(* Let $\mathcal{E}$ be a finite-dimensional Euclidean space, $e\in\mathcal{E}$ nonzero, $H=\{x\in\mathcal{E}:\langle e,x\rangle=1\}$, let $C\subseteq H$ be a compact convex set and $\mathcal{K}=\operatorname{cone}C$. Then for every $x\in H\setminus(-\mathcal{K}^* )$, $$\operatorname{dist}(x,C)\le\|e\|\,r\,\operatorname{dist}(x,\mathcal{K}),$$ where $r=\max_{u\in C}\|u\|$.
   Context: $\operatorname{cone}C=\{\lambda x: x\in C,\lambda\ge0\}$; $\mathcal{K}^*=\{y:\langle y,x\rangle\ge0\ \forall x\in\mathcal{K}\}$ is the dual cone. *)

From HB Require Import structures.
From mathcomp Require Import all_boot all_order all_algebra.
From mathcomp Require Import all_classical all_reals all_analysis.
Set Implicit Arguments. Unset Strict Implicit. Unset Printing Implicit Defensive.
Import Order.TTheory GRing.Theory Num.Theory.
Import numFieldNormedType.Exports.
Local Open Scope classical_set_scope.
Local Open Scope ring_scope.

(* The Euclidean space E is modelled as R^n = 'rV[R]_n with the standard
   inner product; compactness uses the library topology on matrices
   (all norms are equivalent in finite dimension). *)

Definition dotp (R : realType) (n : nat) (x y : 'rV[R]_n) : R :=
  \sum_(i < n) x ord0 i * y ord0 i.

Definition enorm (R : realType) (n : nat) (x : 'rV[R]_n) : R :=
  Num.sqrt (dotp x x).

Definition euclid_dist (R : realType) (n : nat) (x : 'rV[R]_n) (S : set 'rV[R]_n) : R :=
  inf [set enorm (x - y) | y in S].

Definition cone (R : realType) (n : nat) (C : set 'rV[R]_n) : set 'rV[R]_n :=
  [set y | exists2 l : R, 0 <= l & exists2 x, C x & y = l *: x].

Definition dual_cone (R : realType) (n : nat) (K : set 'rV[R]_n) : set 'rV[R]_n :=
  [set y | forall x, K x -> 0 <= dotp y x].

Definition neg_set (R : realType) (n : nat) (S : set 'rV[R]_n) : set 'rV[R]_n :=
  [set x | S (- x)].

Definition convex_set_ (R : realType) (n : nat) (C : set 'rV[R]_n) : Prop :=
  forall x y (t : R), C x -> C y -> 0 <= t -> t <= 1 ->
    C (t *: x + (1 - t) *: y).

Definition hyperplane (R : realType) (n : nat) (e : 'rV[R]_n) : set 'rV[R]_n :=
  [set x | dotp e x = 1].

From HB Require Import structures.
From mathcomp Require Import all_boot all_order all_algebra.
From mathcomp Require Import all_classical all_reals all_analysis.
From mathcomp Require Import ring lra.
Set Implicit Arguments. Unset Strict Implicit. Unset Printing Implicit Defensive.
Import Order.TTheory GRing.Theory Num.Theory.
Import numFieldNormedType.Exports.
Local Open Scope classical_set_scope.
Local Open Scope ring_scope.

(* For [c] and [x] on the hyperplane [<e, .> = 1] and any [l], the vector
   [x - c] is the image of [w = x - l c] under the oblique projection
   [w |-> w - <e, w> c] onto [e^perp] along [c], whose operator norm is at most
   [|c| |e|]; bounding [|c|] by [r] and taking infima over [C] and [cone C]
   gives the inequality. *)

Section InnerProduct.
Variables (R : realType) (n : nat).
Implicit Types (u v w x y c e : 'rV[R]_n) (k : R).

Lemma dotpC u v : dotp u v = dotp v u.
Proof. by apply: eq_bigr => i _; rewrite mulrC. Qed.

Lemma dotpDl u v w : dotp (u + v) w = dotp u w + dotp v w.
Proof. by rewrite /dotp -big_split; apply: eq_bigr => i _; rewrite mxE mulrDl. Qed.

Lemma dotpZl k u v : dotp (k *: u) v = k * dotp u v.
Proof. by rewrite /dotp mulr_sumr; apply: eq_bigr => i _; rewrite mxE mulrA. Qed.

Lemma dotpNl u v : dotp (- u) v = - dotp u v.
Proof. by rewrite -scaleN1r dotpZl mulN1r. Qed.

Lemma dotpBl u v w : dotp (u - v) w = dotp u w - dotp v w.
Proof. by rewrite dotpDl dotpNl. Qed.

Lemma dotpZr k u v : dotp u (k *: v) = k * dotp u v.
Proof. by rewrite dotpC dotpZl dotpC. Qed.

Lemma dotpDr u v w : dotp u (v + w) = dotp u v + dotp u w.
Proof. by rewrite dotpC dotpDl !(dotpC u). Qed.

Lemma dotpBr u v w : dotp u (v - w) = dotp u v - dotp u w.
Proof. by rewrite dotpC dotpBl !(dotpC u). Qed.

Lemma dotp0l u : dotp 0 u = 0.
Proof. by rewrite -(scale0r 0) dotpZl mul0r. Qed.

Lemma dotpp_ge0 u : 0 <= dotp u u.
Proof. by apply: sumr_ge0 => i _; rewrite -expr2 sqr_ge0. Qed.

Lemma dotpp_eq0 u : (dotp u u == 0) = (u == 0).
Proof.
apply/eqP/eqP => [uu0|->]; last exact: dotp0l.
apply/matrixP => i j; rewrite ord1 mxE.
have sq_ge0 (k : 'I_n) : true -> 0 <= u ord0 k * u ord0 k.
  by move=> _; rewrite -expr2 sqr_ge0.
have /eqP := @psumr_eq0P _ _ _ _ sq_ge0 uu0 j isT.
by rewrite mulf_eq0 orbb => /eqP.
Qed.

Lemma dotpp_gt0 u : (0 < dotp u u) = (u != 0).
Proof. by rewrite lt_def dotpp_eq0 dotpp_ge0 andbT. Qed.

Lemma cauchy_schwarz u v : dotp u v ^+ 2 <= dotp u u * dotp v v.
Proof.
have [->|v0] := eqVneq v 0; first by rewrite dotpC !dotp0l expr0n mulr0.
have vv_gt0 : 0 < dotp v v by rewrite dotpp_gt0.
have := dotpp_ge0 (dotp v v *: u - dotp u v *: v).
rewrite !(dotpBl, dotpBr, dotpZl, dotpZr) (dotpC v u) => h.
have : 0 <= dotp v v * (dotp u u * dotp v v - dotp u v ^+ 2) by nra.
by rewrite pmulr_rge0 // subr_ge0.
Qed.

Lemma dotp_eq1_neq0 e c : dotp e c = 1 -> c != 0.
Proof. by apply: contra_eqN => /eqP ->; rewrite dotpC dotp0l eq_sym oner_eq0. Qed.

(* Apply Cauchy-Schwarz to [w] and [<e,e> c - e], which is orthogonal to [e]. *)
Lemma oblique_projection_sqr_le e c v : dotp e c = 1 ->
  dotp (v - dotp e v *: c) (v - dotp e v *: c) <= dotp c c * dotp e e * dotp v v.
Proof.
move=> ec; set a := dotp c c; set b := dotp e e.
have b_gt0 : 0 < b by rewrite dotpp_gt0 (@dotp_eq1_neq0 c e) // dotpC.
have ce : dotp c e = 1 by rewrite dotpC.
set t := dotp e v; set w := v - t *: c.
have ew : dotp w e = 0 by rewrite dotpC dotpBr dotpZr ec mulr1 subrr.
have vE : v = w + t *: c by rewrite subrK.
clearbody w t; rewrite {}vE.
have wd : dotp w (b *: c - e) = b * dotp w c by rewrite dotpBr dotpZr ew subr0.
have dd : dotp (b *: c - e) (b *: c - e) = b * (a * b - 1).
  by rewrite !(dotpBl, dotpBr, dotpZl, dotpZr) ec ce -/a -/b; ring.
have wc2 : b * dotp w c ^+ 2 <= dotp w w * (a * b - 1).
  rewrite -(ler_pM2l b_gt0) mulrA -expr2 -exprMn -wd mulrCA -dd.
  exact: cauchy_schwarz.
rewrite !(dotpDl, dotpDr, dotpZl, dotpZr) (dotpC c w) -/a -subr_ge0.
set g := dotp w c; set q := dotp w w.
have -> : a * b * (q + t * g + (t * g + t * (t * a))) - q
    = (q * (a * b - 1) - b * g ^+ 2) + b * (g + a * t) ^+ 2 by ring.
by rewrite addr_ge0 ?subr_ge0 // mulr_ge0 ?sqr_ge0 // ltW.
Qed.

Lemma enorm_ge0 u : 0 <= enorm u.
Proof. exact: sqrtr_ge0. Qed.

Lemma enorm_oblique_projection_le e c v : dotp e c = 1 ->
  enorm (v - dotp e v *: c) <= enorm c * enorm e * enorm v.
Proof.
move=> ec; rewrite /enorm -!sqrtrM ?mulr_ge0 ?dotpp_ge0 //.
by rewrite ler_sqrt ?mulr_ge0 ?dotpp_ge0 // oblique_projection_sqr_le.
Qed.

Lemma hyperplane_sub_le e c x k : hyperplane e c -> hyperplane e x ->
  enorm (x - c) <= enorm c * enorm e * enorm (x - k *: c).
Proof.
rewrite /hyperplane /= => ec ex.
have -> : x - c = (x - k *: c) - dotp e (x - k *: c) *: c.
  by rewrite dotpBr dotpZr ex ec mulr1 scalerBl scale1r opprB addrA subrK.
exact: enorm_oblique_projection_le.
Qed.

Lemma euclid_dist_le x (S : set 'rV[R]_n) y : S y -> euclid_dist x S <= enorm (x - y).
Proof.
move=> Sy; apply: ge_inf; last by exists y.
by exists 0 => _ [z _ <-]; exact: enorm_ge0.
Qed.

Lemma le_mul_euclid_dist x (S : set 'rV[R]_n) d k : 0 < k -> S !=set0 ->
  (forall y, S y -> d <= k * enorm (x - y)) -> d <= k * euclid_dist x S.
Proof.
move=> k_gt0 [y Sy] dS; rewrite -ler_pdivrMl //; apply: lb_le_inf.
  by exists (enorm (x - y)), y.
by move=> _ [z Sz <-]; rewrite ler_pdivrMl // dS.
Qed.

End InnerProduct.

Theorem proposition4p2 (R : realType) (n : nat) (e : 'rV[R]_n)
    (C : set 'rV[R]_n) (r : R) :
  e != 0 ->
  C `<=` hyperplane e ->
  compact C ->
  convex_set_ C ->
  C !=set0 ->
  (exists2 u, C u & enorm u = r) ->
  (forall u, C u -> enorm u <= r) ->
  forall x : 'rV[R]_n, hyperplane e x -> ~ neg_set (dual_cone (cone C)) x ->
    euclid_dist x C <= enorm e * r * euclid_dist x (cone C).
Proof.
move=> e0 CH _ _ [c0 Cc0] _ Cr x Hx _.
have r_gt0 : 0 < r.
  apply: lt_le_trans (Cr _ Cc0); rewrite sqrtr_gt0 dotpp_gt0.
  exact: dotp_eq1_neq0 (CH _ Cc0).
apply: le_mul_euclid_dist.
- by rewrite mulr_gt0 // sqrtr_gt0 dotpp_gt0.
- by exists c0, 1 => //; exists c0; rewrite ?scale1r.
move=> _ [k _ [c Cc ->]].
apply: le_trans (euclid_dist_le x Cc) _.
apply: le_trans (hyperplane_sub_le k (CH _ Cc) Hx) _.
by rewrite [enorm e * r]mulrC ler_wpM2r ?enorm_ge0 // ler_wpM2r ?enorm_ge0 ?Cr.
Qed.
(** Where [q] charges no zero of [p_{Y|X}], [FC q r] is the finite sum of
    [p_X(x)] times [FC_row q r x = sum_y q (a/(1-a) ln (q/p_{Y|X}) + ln (r/p_X))];
    elsewhere it is [-oo]. Every inequality is then an instance of the log-sum
    inequality [sum q ln (u/q) <= (sum q) ln (sum u / sum q)]:
    - as [a/(1-a) * (1 - 1/a) = -1], the row functional is
      [-(a/(1-a)) sum_y q ln (w/q) - ln p_X] for the Gibbs weights
      [w = p_{Y|X} r^(1-1/a)], which is maximal at [q] proportional to [w],
      i.e. at [q_next];
    - for fixed [q], replacing [r] by the posterior [r_of q] changes [FC] by
      [sum_y sum_x J ln (J/(S r))] with [J = p_X q] and [S = sum_x J], which is
      nonnegative because [sum_x r <= 1];
    - for any [q_Y], splitting the integrand as
      [1/(a-1) ln (p_{Y|X}^a q_Y^(1-a) / q) + ln (q_Y r / (p_X q))] bounds [FC]
      by [sum_x p_X D_a(p_{Y|X}(.|x) || q_Y) + ln (sum_{x,y} q_Y r)], and the
      last term is nonpositive. *)

From HB Require Import structures.
From mathcomp Require Import all_boot all_order all_algebra.
From mathcomp Require Import all_classical all_reals.
From mathcomp Require Import ereal exp.
From mathcomp Require Import ring lra.
Import Order.TTheory GRing.Theory Num.Theory.
Local Open Scope ring_scope.

Set Implicit Arguments. Unset Strict Implicit.

Section LogSum.
Variables (R : realType) (T : finType).

Lemma ln_le_subr1 (c : R) : 0 < c -> ln c <= c - 1.
Proof. by move=> c0; have := @le_ln1Dx R (c - 1); rewrite addrCA subrr addr0; apply; lra. Qed.

Lemma psumr_gt0 (F : T -> R) t : (forall i, 0 <= F i) -> 0 < F t -> 0 < \sum_i F i.
Proof.
move=> F0 Ft; apply: (lt_le_trans Ft).
by rewrite (bigD1 t) //= lerDl sumr_ge0.
Qed.

Definition neg_kl (q u : T -> R) : R :=
  \sum_t (if q t == 0 then 0 else q t * ln (u t / q t)).

Variables (q u : T -> R).
Hypotheses (q_ge0 : forall t, 0 <= q t) (u_ge0 : forall t, 0 <= u t)
  (u_gt0 : forall t, q t != 0 -> 0 < u t).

==========

#### WORK TASK
Within the material above, copy exactly the lines from the line that holds "Proof. by rewrite -scaleN1r" up to and including the line that holds "Proof. by rewrite dotpC dotpDl".

#### EXERCISE SOLUTION
Proof. by rewrite -scaleN1r dotpZl mulN1r. Qed.

Lemma dotpBl u v w : dotp (u - v) w = dotp u w - dotp v w.
Proof. by rewrite dotpDl dotpNl. Qed.

Lemma dotpZr k u v : dotp u (k *: v) = k * dotp u v.
Proof. by rewrite dotpC dotpZl dotpC. Qed.

Lemma dotpDr u v w : dotp u (v + w) = dotp u v + dotp u w.
Proof. by rewrite dotpC dotpDl !(dotpC u). Qed.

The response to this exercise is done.